Liquid profiling – circulating nucleic acid diagnostics gains momentum

Stefan Holdenrieder, Hanns-Georg Klein and Christof Winter
From the journal LaboratoriumsMedizin

Liquid profiling of molecular characteristics of circulating nucleic acids (CNAs) in the blood and other bodily fluids is one of the most interesting, dynamic and promising areas in laboratory diagnostics. Since the last special issue on the diagnostics of cell-free nucleic acids (J Lab Med 2016), the field has expanded rapidly in various directions and is about to reach routine clinical application in non-invasive prenatal testing, oncology and transplantation medicine.

With the optimization of new technologies such as massive parallel sequencing, standardization and rigorous quality control, disease-specific enrichment of nucleic acids, combination of diverse molecular characteristics and advanced bioinformatic pipelines, the diagnostic power of liquid profiling has been considerably increased. It also has become evident that a better understanding of the biology, structure, function and metabolism of CNAs is crucial for improving the diagnostic process and for accurate interpretation of the results.

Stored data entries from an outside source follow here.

(* Let $q_1,q_2,\dots$ be probabilities with $\sum_iq_i=1$ and let $\mathcal{M}=\sum_iq_i\mathcal{M}_i$ be the mechanism that runs $\mathcal{M}_i$ with probability $q_i$. Fix data sets $d,d'$ and suppose $T(\mathcal{M}_i(d),\mathcal{M}_i(d'))\ge f_i$ for trade-off functions with $f_1\le f_2\le f_3\le\cdots$ pointwise. Let $f(\alpha)=\inf\{\sum_iq_if_i(\alpha_i):\alpha_i\in[0,1],\ \sum_iq_i\alpha_i=\alpha\}$ and, for an index $t$, $p_t=\sum_{i<t}q_i$. Then for all $\alpha\in[0,1]$, $$T(\mathcal{M}(d),\mathcal{M}(d'))(\alpha)\ge f(\alpha)\ge f_t(\min\{1,\alpha+p_t\}).$$
   Context: For distributions $P,Q$ on a common space, $T(P,Q)(\alpha)=\inf_\phi\{1-\mathbb{E}_Q[\phi]:\mathbb{E}_P[\phi]\le\alpha\}$, infimum over measurable $\phi$ with values in $[0,1]$. A trade-off function is a convex, continuous, non-increasing $f:[0,1]\to[0,1]$ with $f(\alpha)\le1-\alpha$. The mixture mechanism outputs $\mathcal{M}(d)=\sum_iq_i\mathcal{M}_i(d)$ (the index $i$ is not revealed). *)

From HB Require Import structures.
From mathcomp Require Import all_boot all_order all_algebra.
From mathcomp Require Import all_classical all_reals all_analysis.
Set Implicit Arguments. Unset Strict Implicit. Unset Printing Implicit Defensive.
Import Order.TTheory GRing.Theory Num.Theory numFieldNormedType.Exports.
Local Open Scope classical_set_scope.
Local Open Scope ring_scope.

Definition tradeoff (d : measure_display) (T : measurableType d) (R : realType)
  (P Q : probability T R) (alpha : R) : \bar R :=
  ereal_inf [set (1 - \int[Q]_x (phi x)%:E)%E | phi in
     [set phi : T -> R | [/\ measurable_fun setT phi,
        (forall x, 0 <= phi x <= 1) &
        (\int[P]_x (phi x)%:E <= alpha%:E)%E]]].

Definition is_tradeoff_fun (R : realType) (f : R -> R) : Prop :=
  [/\ (forall x y l : R, 0 <= x <= 1 -> 0 <= y <= 1 -> 0 <= l <= 1 ->
         f (l * x + (1 - l) * y) <= l * f x + (1 - l) * f y),
      {within `[0, 1], continuous f},
      (forall x y : R, 0 <= x <= 1 -> 0 <= y <= 1 -> x <= y -> f y <= f x),
      (forall x : R, 0 <= x <= 1 -> 0 <= f x <= 1) &
      (forall x : R, 0 <= x <= 1 -> f x <= 1 - x)].

Definition mix_lower (R : realType) (q : nat -> R) (fs : nat -> R -> R) (alpha : R)
  : \bar R :=
  ereal_inf [set (\sum_(i <oo) (q i * fs i (a i))%:E)%E | a in
     [set a : nat -> R | (forall i, 0 <= a i <= 1) /\
        (\sum_(i <oo) (q i * a i)%:E)%E = alpha%:E]].

(* For the first inequality take a test phi of level alpha for the mixture, with levels
   a_i under M_i(d) and powers c_i under M_i(d'). Then sum_i q_i a_i <= alpha and
   1 - c_i >= f_i(a_i), so the type II error sum_i q_i (1 - c_i) dominates
   sum_i q_i f_i(a_i), which is at least f(alpha) once the a_i are pushed up until their
   average is alpha. For the second, given alpha_i averaging to alpha, replace alpha_i by 1
   for i < t (this raises the average by at most p_t, and f_t(1) = 0) and use f_t <= f_i
   for i >= t; Jensen's inequality for the convex f_t on a long enough initial segment
   then bounds f_t(min(1, alpha + p_t)) by sum_i q_i f_i(alpha_i) up to the tail of sum_i q_i. *)

From HB Require Import structures.
From mathcomp Require Import all_boot all_order all_algebra.
From mathcomp Require Import all_classical all_reals all_analysis.
From mathcomp Require Import ring lra.
From mathcomp Require Import measurable_realfun.
Set Implicit Arguments. Unset Strict Implicit. Unset Printing Implicit Defensive.
Import Order.TTheory GRing.Theory Num.Theory.
Local Open Scope classical_set_scope.
Local Open Scope ring_scope.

In a recent conference on “Circulating Nucleic Acids in Plasma and Serum (CNAPS)” held at San Francisco in May 2022, many aspects were addressed by pioneers and world-leading specialists in the field, including (i) new developments in the application transplant and infectious disease diagnostics, (ii) early cancer diagnostics and monitoring of cancer disease, (iii) maternal and fetal diagnostics, (iv) utilization of new approaches in epigenetics, fragmentomics and tissue deconvolution, and (v) discussion of future perspectives and emerging frontiers. While many studies provided strong clinical evidence for the diagnostic utility of CNAs, the meeting clearly revealed the different pace at which CNA diagnostics is implemented in the diverse national health care systems [1].

The collection of articles in this new Special Issue by the J Lab Med offers an update on some major topics of nucleic acid diagnostics: Bronkhorst et al. give a broad overview on the diverse forms of nucleic acids found in bodily fluids, their sources, release and metabolism, preanalytical and analytical improvements that enable sensitive and quantitative assessment, as well as next steps from snapshot diagnostics towards individualized monitoring of temporal genomic changes [2].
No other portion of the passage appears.